Celebrates the opening of Sutton Community Transport's impressive new vehicle depot and offices at Beddington Lane.

This was published under the 2010 to 2015 Conservative and Liberal Democrat coalition government
The Rt Hon Norman Baker

Norman Baker, Minister for Local and Regional Transport formally opened Sutton Community Transport’s impressive new vehicle depot and offices at Beddington Lane.

Sutton Community Transport

Date filmed:12 October 2010

Transcript

Narrator: Sutton Community Transport is a registered charity working in the London boroughs of Sutton and Croydon. Last year it won a number of home-to-school contracts from Croydon Council and obtained working capital funding from Futurebuilders. Norman Baker, Minister for Local and Regional Transport, formally opened the charity’s impressive new vehicle depot and offices at Beddington Lane. He was keen to emphasise the importance of community transport.

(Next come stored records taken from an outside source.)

Lemma cycle_involution (gT : finGroupType) (x g : gT) n :
  #[x]%g = (2 * n)%N -> g \in <[x]>%g -> (g ^+ 2 = 1)%g -> g != 1%g -> g = (x ^+ n)%g.
Proof.
move=> ox /cycleP[k ->] g2 g1.
have n_gt0 : (0 < n)%N by move: (order_gt0 x); rewrite ox muln_gt0 => /andP[].
have /dvdnP[q Dk] : (n %| k)%N.
  by rewrite -(dvdn_pmul2l (isT : (0 < 2)%N)) -ox order_dvdn mulnC expgM g2.
have xn2 : ((x ^+ n) ^+ 2 = 1)%g by rewrite -expgM mulnC -ox expg_order.
rewrite Dk mulnC expgM -(expg_mod _ xn2) modn2 in g1 *.
by case: (odd q) g1; rewrite ?expg0 ?eqxx ?expg1.
Qed.

Section CyclicSexticField.

Variables (F : splittingFieldType rat) (iota : {rmorphism F -> algC}).
Variable tau : gal_of (fullv : {vspace F}).
Hypotheses (Gal_tau : 'Gal(fullv / 1%VS)%g = <[tau]>%g) (tau_order : #[tau]%g = 6%N).
Hypothesis F_imag : totally_imaginary F.

Lemma gal_tauSn n x : (tau ^+ n.+1)%g x = tau ((tau ^+ n)%g x).
Proof. by rewrite expgSr galM ?memvf. Qed.

Lemma iota_tau3 x : iota ((tau ^+ 3)%g x) = (iota x)^*.
Proof.
have [g gG iota_g] := gal_conjC iota.
suff <- : g = (tau ^+ 3)%g by [].
apply: cycle_involution; [by rewrite tau_order | by rewrite -Gal_tau | |].
  apply/eqP/gal_eqP => y _; apply: (fmorph_inj iota).
  by rewrite expgS expg1 galM ?memvf // gal_id !iota_g conjCK.
have [y y_imag] := F_imag iota.
by apply: contraNneq y_imag => g1; rewrite CrealE -iota_g g1 gal_id.
Qed.

Lemma real_tau3E x : (iota x \is Num.real) = ((tau ^+ 3)%g x == x).
Proof. by rewrite CrealE -iota_tau3 (inj_eq (fmorph_inj iota)). Qed.

Lemma tau3_tau x : (tau ^+ 3)%g (tau x) = tau ((tau ^+ 3)%g x).
Proof. by rewrite -gal_tauSn [(tau ^+ 4)%g]expgS [RHS]galM ?memvf. Qed.

Lemma real_tau x : iota x \is Num.real -> iota (tau x) \is Num.real.
Proof. by rewrite !real_tau3E tau3_tau => /eqP ->. Qed.

Lemma fixed_tau_mem1 w : tau w = w -> w \in 1%VS.
Proof.
move=> tau_w; have /galois_fixedField <- := galois_num_field F.
apply/fixedFieldP => [|g]; first exact: memvf.
rewrite Gal_tau => /cycleP[n ->]; elim: n => [|n IHn]; first by rewrite expg0 gal_id.
by rewrite gal_tauSn IHn.
Qed.

Lemma fixed_tau_int w : tau w = w -> iota w \in Aint -> iota w \in Num.int.
Proof. by move/fixed_tau_mem1; rewrite (mem1_Crat iota); apply: Cint_rat_Aint. Qed.

Lemma mem_real_field x : (x \in fixedField <[tau ^+ 3]>%g) = (iota x \is Num.real).
Proof.
rewrite real_tau3E; apply/(fixedFieldP (memvf x))/eqP => [-> //|fix_x g]; first exact: cycle_id.
case/cycleP=> n ->; elim: n => [|n IHn]; first by rewrite expg0 gal_id.
by rewrite expgSr galM ?memvf // IHn fix_x.
Qed.

Lemma dim_real_field : \dim (fixedField <[tau ^+ 3]>%g) = 3%N.
Proof.
set K := fixedField _.
have dimF : \dim (fullv : {vspace F}) = 6%N.
  by have := galois_dim (galois_num_field F); rewrite dimv1 divn1 Gal_tau => ->.
have K_dvd : (\dim K %| 6)%N by rewrite -dimF field_dimS ?subvf.
have := dim_fixedField <[tau ^+ 3]>%G.
rewrite /= -[#|_|]/#[(tau ^+ 3)%g]%g orderXdiv tau_order // dimF.
by move: K_dvd; rewrite !dvdn_divisors // !inE => /orP[/eqP->|/orP[/eqP->|/orP[/eqP->|/eqP->]]].
Qed.

Section RealElement.

Variable f : F.
Hypotheses (f_real : iota f \is Num.real) (f_Aint : iota f \in Aint).
Hypothesis f_notZ : iota f \notin Num.int.

Lemma real_notin1 : f \notin 1%VS.
Proof. by apply: contra f_notZ; rewrite (mem1_Crat iota) => /Cint_rat_Aint; apply. Qed.

Lemma real_field_adjoin : <<1; f>>%VS = fixedField <[tau ^+ 3]>%g.
Proof.
have sub_fK : (<<1; f>> <= fixedField <[tau ^+ 3]>%g)%VS.
  by apply/FadjoinP; rewrite sub1v mem_real_field.
apply/eqP; rewrite eqEdim sub_fK dim_real_field /=.
have := field_dimS sub_fK; rewrite dim_real_field dim_Fadjoin dimv1 muln1.
have : adjoin_degree 1 f != 1%N by rewrite adjoin_deg_eq1 real_notin1.
by rewrite dvdn_divisors // !inE => /negPf-> /= /eqP->.
Qed.

Lemma size_minCpoly_real : size (minCpoly (iota f)) = 4%N.
Proof.
rewrite size_minCpoly_minPoly size_minPoly.
by have := dim_Fadjoin 1 f; rewrite real_field_adjoin dim_real_field dimv1 muln1 => <-.
Qed.

Lemma real_image_adjoin x :
  real_image iota x -> exists q : {poly rat}, x = (map_poly ratr q).[iota f].
Proof.
case=> w [w_real ->]; have : w \in <<1; f>>%VS by rewrite real_field_adjoin mem_real_field.
by case/Fadjoin_polyP => p /polyOver1P[q ->] ->; exists q; rewrite horner_map_ratr.
Qed.

Let f1 := tau f.
Let f2 := tau f1.

Lemma tau3_real : tau f2 = f.
Proof. by have := f_real; rewrite real_tau3E !gal_tauSn expg0 gal_id => /eqP. Qed.

Lemma conjugates_sym_int :
  [/\ iota f + iota f1 + iota f2 \in Num.int,
      iota f * iota f1 + iota f * iota f2 + iota f1 * iota f2 \in Num.int,
      iota f * iota f1 * iota f2 \in Num.int &
      (iota f - iota f1) * (iota f1 - iota f2) * (iota f2 - iota f) \in Num.int].
Proof.
have [f1_Aint f2_Aint] : iota f1 \in Aint /\ iota f2 \in Aint by split; do !apply: gal_Aint.
(* [rmorphD] & co. unfold [tau x] through another coercion, which [tau3_real] would
   not match; these restate them for the plain application. *)
have tauD x y : tau (x + y) = tau x + tau y by rewrite rmorphD.
have tauB x y : tau (x - y) = tau x - tau y by rewrite rmorphB.
have tauM x y : tau (x * y) = tau x * tau y by rewrite rmorphM.
split.
- rewrite -!(rmorphD iota); apply: fixed_tau_int; last by rewrite !(rmorphD, rpredD).
  by rewrite !tauD tau3_real; ring.
- rewrite -!(rmorphM iota) -!(rmorphD iota); apply: fixed_tau_int.
    by rewrite !(tauD, tauM) tau3_real; ring.
  by rewrite !(rmorphD, rmorphM, rpredD, rpredM).
- rewrite -!(rmorphM iota); apply: fixed_tau_int; last by rewrite !(rmorphM, rpredM).
  by rewrite !tauM tau3_real; ring.
- rewrite -!(rmorphB iota) -!(rmorphM iota); apply: fixed_tau_int.
    by rewrite !(tauM, tauB) tau3_real; ring.
  by rewrite !(rmorphM, rmorphB, rpredM, rpredB).
Qed.

Lemma conjugates_distinct :
  (iota f - iota f1) * (iota f1 - iota f2) * (iota f2 - iota f) != 0.
Proof.
have f_moved : f1 != f.
  by apply: contra real_notin1 => /eqP f_fixed; apply: fixed_tau_mem1.
have tau_inj : injective tau by move=> x y; apply: fmorph_inj.
have sub_neq0 x y : x != y -> iota x - iota y != 0.
  by rewrite subr_eq0 (inj_eq (fmorph_inj iota)).
rewrite !mulf_neq0 // sub_neq0 //; first by rewrite eq_sym.
  by rewrite (inj_eq tau_inj) eq_sym.
by apply: contraNneq f_moved => f2f; rewrite -tau3_real f2f.
Qed.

Norman Baker, Minister for Local and Regional Transport: Well, if we didn’t have community transport then there’d be a whole range of people in society who simply wouldn’t be able to get anywhere, so it’s a tremendously important function, and this is a very good example of what can be achieved in undertaking a huge number of journeys for different people of different varieties and needs, and this is a particularly good model because it actually requires no public funding. By undertaking contract services which are paid for, that subsidises the services which need to be undertaken for community purposes. So it’s a really good example of what can be achieved.

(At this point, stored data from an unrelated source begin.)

(* Let $F$ be a sensori-computational device, and let $R_1$ and $R_2$ be relations between sets of strings. If there exists a sensori-computational device $F_1$ such that $F_1$ output simulates $F$ modulo $R_1$, and there exists a sensori-computational device $F_2$ such that $F_2$ output simulates $F_1$ modulo $R_2$, then $F_2$ output simulates $F$ modulo the composite relation $R_1 ; R_2$.
   Context: A sensori-computational device is a 6-tuple $F=(V,V_0,Y,\tau,C,c)$ where $V$ is a non-empty finite set of states, $V_0\subseteq V$ is a non-empty set of initial states, $Y$ (also written $Y(F)$) is a finite set of observations, $\tau:V\times V\to\mathcal{P}(Y)$ is the transition function, $C$ is a set of outputs, and $c:V\to\mathcal{P}(C)\setminus\{\emptyset\}$ is the output function. For a string $s=y_1\cdots y_n\in Y^*$ and states $v,w$, $w$ is reached by $s$ from $v$ if there are states $w_0=v,w_1,\dots,w_n=w$ with $y_i\in\tau(w_{i-1},w_i)$ for all $i$. Let $\mathcal{R}_F(s)$ be the set of states reached by $s$ from some initial state. The language of $F$ is $\mathcal{L}(F)=\{s\in Y^*:\mathcal{R}_F(s)\neq\emptyset\}$, and $\mathcal{C}_F(s)=\bigcup_{v\in\mathcal{R}_F(s)}c(v)$. Given a relation $R\subseteq A\times B$ between sets of strings, a device $F'$ output simulates $F$ modulo $R$ if for every $s\in\mathcal{L}(F)$: (1) there exists $t\in\mathcal{L}(F')$ with $s\,R\,t$; and (2) for every $t\in B$ with $s\,R\,t$, we have $t\in\mathcal{L}(F')$ and $\mathcal{C}_F(s)\supseteq\mathcal{C}_{F'}(t)$. Relation composition is $R_1;R_2=\{(u,v):\exists r\ (u,r)\in R_1,\ (r,v)\in R_2\}$. *)

From mathcomp Require Import all_boot.
Set Implicit Arguments.
Unset Strict Implicit.
Unset Printing Implicit Defensive.

(* A sensori-computational device F = (V, V0, Y, tau, C, c).
   Observations Y : finType and outputs C : Type are parameters; subsets are
   Prop-valued predicates. *)
Record device (Y : finType) (C : Type) := Device {
  dV : finType;
  dV_ne : exists v : dV, True;
  dV0 : dV -> Prop;
  dV0_ne : exists v, dV0 v;
  dtau : dV -> dV -> Y -> Prop;
  dc : dV -> C -> Prop;
  dc_ne : forall v, exists o, dc v o
}.

Section DeviceDefs.
Variables (Y : finType) (C : Type) (F : device Y C).

Fixpoint reaches (v : dV F) (s : seq Y) (w : dV F) : Prop :=
  match s with
  | [::] => w = v
  | y :: s' => exists u, @dtau _ _ F v u y /\ reaches u s' w
  end.

Definition reached (s : seq Y) (w : dV F) : Prop :=
  exists v0, @dV0 _ _ F v0 /\ reaches v0 s w.

Definition in_lang (s : seq Y) : Prop := exists w, reached s w.

Definition outputs (s : seq Y) (o : C) : Prop :=
  exists2 w, reached s w & @dc _ _ F w o.
End DeviceDefs.

Definition output_simulates (Y Y' : finType) (C : Type)
    (F' : device Y' C) (F : device Y C) (R : seq Y -> seq Y' -> Prop) : Prop :=
  forall s, in_lang F s ->
    (exists t, R s t /\ in_lang F' t) /\
    (forall t, R s t -> in_lang F' t /\ (forall o, outputs F' t o -> outputs F s o)).

Definition rel_comp (A B D : Type) (R1 : A -> B -> Prop) (R2 : B -> D -> Prop)
    : A -> D -> Prop :=
  fun u v => exists r, R1 u r /\ R2 r v.

From mathcomp Require Import all_boot.

Set Implicit Arguments.

Section OutputSimulation.
Variables (Y Y' : finType) (C : Type) (F : device Y C) (F' : device Y' C).
Variable R : seq Y -> seq Y' -> Prop.
Hypothesis simF : output_simulates F' F R.

Lemma output_simulates_ex_related [s] :
  in_lang F s -> exists t, R s t /\ in_lang F' t.
Proof. by case/simF. Qed.

Lemma output_simulates_in_lang [s t] :
  in_lang F s -> R s t -> in_lang F' t.
Proof. by move=> /simF[_ sim_t] /sim_t[]. Qed.

Lemma output_simulates_outputs [s t o] :
  in_lang F s -> R s t -> outputs F' t o -> outputs F s o.
Proof. by move=> /simF[_ sim_t] /sim_t[_]; apply. Qed.

End OutputSimulation.

Theorem theorem1 (Y Y1 Y2 : finType) (C : Type) (F : device Y C)
    (R1 : seq Y -> seq Y1 -> Prop) (R2 : seq Y1 -> seq Y2 -> Prop)
    (F1 : device Y1 C) (F2 : device Y2 C) :
  output_simulates F1 F R1 -> output_simulates F2 F1 R2 ->
  output_simulates F2 F (rel_comp R1 R2).
Proof.
move=> sim1 sim2 s Ls; split.
  have [r [R1sr Lr]] := output_simulates_ex_related sim1 Ls.
  have [t [R2rt Lt]] := output_simulates_ex_related sim2 Lr.
  by exists t; split => //; exists r.
move=> t [r [R1sr R2rt]].
have Lr := output_simulates_in_lang sim1 Ls R1sr.
split; first exact: (output_simulates_in_lang sim2 Lr R2rt).
move=> o /(output_simulates_outputs sim2 Lr R2rt).
exact: (output_simulates_outputs sim1 Ls R1sr).
Qed.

Mike Skinner, Chief Executive, Sutton Community Transport: In Sutton it’s about 47,000 passengers a year that we carry. It tends to be a combination of older people, many with disabilities, and younger people. We do also do a lot of work for schools, so there’s a whole age range from 5 through to 95. We do a lot of work for about 20 to 25 schools in Sutton. That tends to be outings, day trips, care homes, sheltered housing, to allow them to go out to the countryside or go to the coast in the summer. So it’s a whole range of things.

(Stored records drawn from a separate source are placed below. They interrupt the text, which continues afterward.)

(* Let $\mu_t(s,a)=\mathbb P_{\pi^{\mathrm{expl}}}(s_t=s,\ a_t=a)$ for $t\in[T]$, $(s,a)\in\mathcal S\times\mathcal A$. Suppose that for every $(s,a)$ there is some $t$ with $\mu_t(s,a)>0$. Then the covering length $L$ satisfies $$\frac{\log 2}{2\min_{(s,a)\in\mathcal S\times\mathcal A}\sum_{t\in[T]}\mu_t(s,a)}\ \le\ L\ \le\ \left\lceil\frac{\log(2SA)}{\min_{(s,a)\in\mathcal S\times\mathcal A}\max_{t\in[T]}\mu_t(s,a)}\right\rceil .$$
   Context: Deterministic finite-horizon MDP $\mathcal M=(\mathcal S,\mathcal A,T,s_1,f,R)$ with finite state set of size $S=|\mathcal S|$ and action set of size $A=|\mathcal A|$, start state $s_1$, transitions $s_{t+1}=f(s_t,a_t)$, steps $t\in[T]$. $\pi^{\mathrm{expl}}$ is a fixed exploration policy (maps $\pi^{\mathrm{expl}}_t:\mathcal S\to\Delta(\mathcal A)$), and $\mathbb P_{\pi^{\mathrm{expl}}}$ is the law of an episode from $s_1$ following it. The covering length $L$ is the least number of independent episodes run with $\pi^{\mathrm{expl}}$ such that, with probability at least $1/2$, every pair $(s,a)\in\mathcal S\times\mathcal A$ is visited (at some step of some episode). *)

From HB Require Import structures.
From mathcomp Require Import all_boot all_order all_algebra.
From mathcomp Require Import reals exp.
Set Implicit Arguments. Unset Strict Implicit. Unset Printing Implicit Defensive.
Import Order.TTheory GRing.Theory Num.Theory.
Local Open Scope ring_scope.

Section MDP.
Variables (R : realType) (S A : finType) (T : nat) (s1 : S) (f : S -> A -> S).
(* exploration policy: pi t s is a distribution over A (hypotheses in theorem) *)
Variable pi : 'I_T -> S -> A -> R.
(* Let $q$ be a root of unity with $q^8\ne1$, $N=\mathrm{ord}(q^4)$, $\epsilon=q^{N^2}$. Let $z_0\in\mathbb C$ and $\sigma\in\mathbb C^\times$ with $\epsilon^2z_0=\sigma^N+\sigma^{-N}\ne\pm2$, let $\vec w\in\mathbb C^4$ and $(\vec s,\vec t)\in E^0_{\sigma,\vec w}$. Let $V$ have basis $\{v_i:i\in\mathbb Z/N\}$ and $$d_i=\frac{\lambda_ic_1+(q^2+q^{-2})c_\infty}{\hat\lambda'_i\hat\lambda'_{i-1}},\qquad d'_i=\frac{\lambda_ic_\infty+(q^2+q^{-2})c_1}{\hat\lambda'_i\hat\lambda'_{i-1}},$$ where $c_1=w_1w_3+w_2w_4$, $c_\infty=w_1w_4+w_2w_3$. Then $\rho(p_j)=w_j$ ($j=1,\dots,4$), $\rho(\alpha_0)v_i=\lambda_iv_i$, $\rho(\alpha_1)v_i=q^{4i+2}\sigma s_iv_{i+1}+d'_iv_i+q^{-4i+2}\sigma^{-1}t_{i-1}v_{i-1}$, $\rho(\alpha_\infty)v_i=s_iv_{i+1}+d_iv_i+t_{i-1}v_{i-1}$ define a representation $\rho:\mathcal S_q(\Sigma_{0,4})\to\mathrm{End}(V)$ (i.e. a representation of the sliced algebra $\mathcal S_q(\Sigma_{0,4})/\langle p_j-w_j\rangle$), and $\rho(A_0)=z_0\,\mathrm{id}_V$.
   Context: $\mathcal S_q(\Sigma_{0,4})$ is the Kauffman bracket skein algebra of the four-punctured sphere, with central peripheral curves $p_1,\dots,p_4$ and curves $\alpha_0,\alpha_1,\alpha_\infty$ separating punctures as $\{1,2\}|\{3,4\}$, $\{1,3\}|\{2,4\}$, $\{1,4\}|\{2,3\}$. With $\gamma=p_1p_2p_3p_4+\sum p_i^2$, $c_0=p_1p_2+p_3p_4$, $c_1=p_1p_3+p_2p_4$, $c_\infty=p_1p_4+p_2p_3$, $H(x,y,z;a,b,c,g)=x^2+y^2+z^2-xzy+ax+by+cz+g$, it is generated over $\mathbb C[p_1,\dots,p_4]$ by $\alpha_0,\alpha_1,\alpha_\infty$ with relations $H(q^2\alpha_0,q^2\alpha_1,q^{-2}\alpha_\infty;c_0,c_1,c_\infty,\gamma)=(q^2+q^{-2})^2$, $q^2\alpha_0\alpha_\infty-q^{-2}\alpha_\infty\alpha_0=(q^4-q^{-4})\alpha_1+(q^2-q^{-2})c_1$, $q^2\alpha_1\alpha_0-q^{-2}\alpha_0\alpha_1=(q^4-q^{-4})\alpha_\infty+(q^2-q^{-2})c_\infty$, $q^2\alpha_\infty\alpha_1-q^{-2}\alpha_1\alpha_\infty=(q^4-q^{-4})\alpha_0+(q^2-q^{-2})c_0$. $A_0=\epsilon^2T_N(\alpha_0)$ with $T_N$ the Chebyshev polynomial ($T_N(t+t^{-1})=t^N+t^{-N}$). Notation: $\kappa(a,b,c)=a^2+b^2+c^2+abc-4$; $\lambda_i=q^{4i}\sigma+q^{-4i}\sigma^{-1}$, $\lambda'_i=q^{4i+2}\sigma+q^{-4i-2}\sigma^{-1}$, $\hat\lambda_i=q^{4i}\sigma-q^{-4i}\sigma^{-1}$, $\hat\lambda'_i=q^{4i+2}\sigma-q^{-4i-2}\sigma^{-1}$ (indices in $\mathbb Z/N$); $r_i(\sigma,\vec w)=\dfrac{\kappa(w_1,w_2,\lambda'_i)\kappa(w_3,w_4,\lambda'_i)}{\hat\lambda_i\hat\lambda_{i+1}(\hat\lambda'_i)^2}$; $E^0_{\sigma,\vec w}=\{(s_1,\dots,s_N,t_1,\dots,t_N)\in\mathbb C^{2N}:s_it_i=r_i(\sigma,\vec w)\ \forall i\}$. These representations are called type-$0$. *)

From HB Require Import structures.
From mathcomp Require Import all_boot all_order all_algebra.
From mathcomp Require Import reals complex.
Set Implicit Arguments. Unset Strict Implicit. Unset Printing Implicit Defensive.
Import Order.TTheory GRing.Theory Num.Theory.
Local Open Scope ring_scope.

(* The complex numbers are modelled as R[i] for a real number field R : realType
   (any realType is (isomorphic to) the reals). *)

Section Skein.
Variable C : comNzRingType.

Sue Robson, Co-Founder, Sutton Community Transport: The realisation today is the vision that we had in place then and that, actually, I wrote that bid based upon. So it’s just great for me to come back here today and see the realisation of what, 15 years ago, started so small and now it’s doing all of this for so many vulnerable people in Sutton and the surrounding area. It’s just brilliant.

Norman Baker: We’re very keen to see community schemes such as this. We support the community transport sector very strongly. I’ve met them already on a national basis. They do a tremendous amount of good work and fit in exactly with the sort of localism and Big Society the government wants to encourage.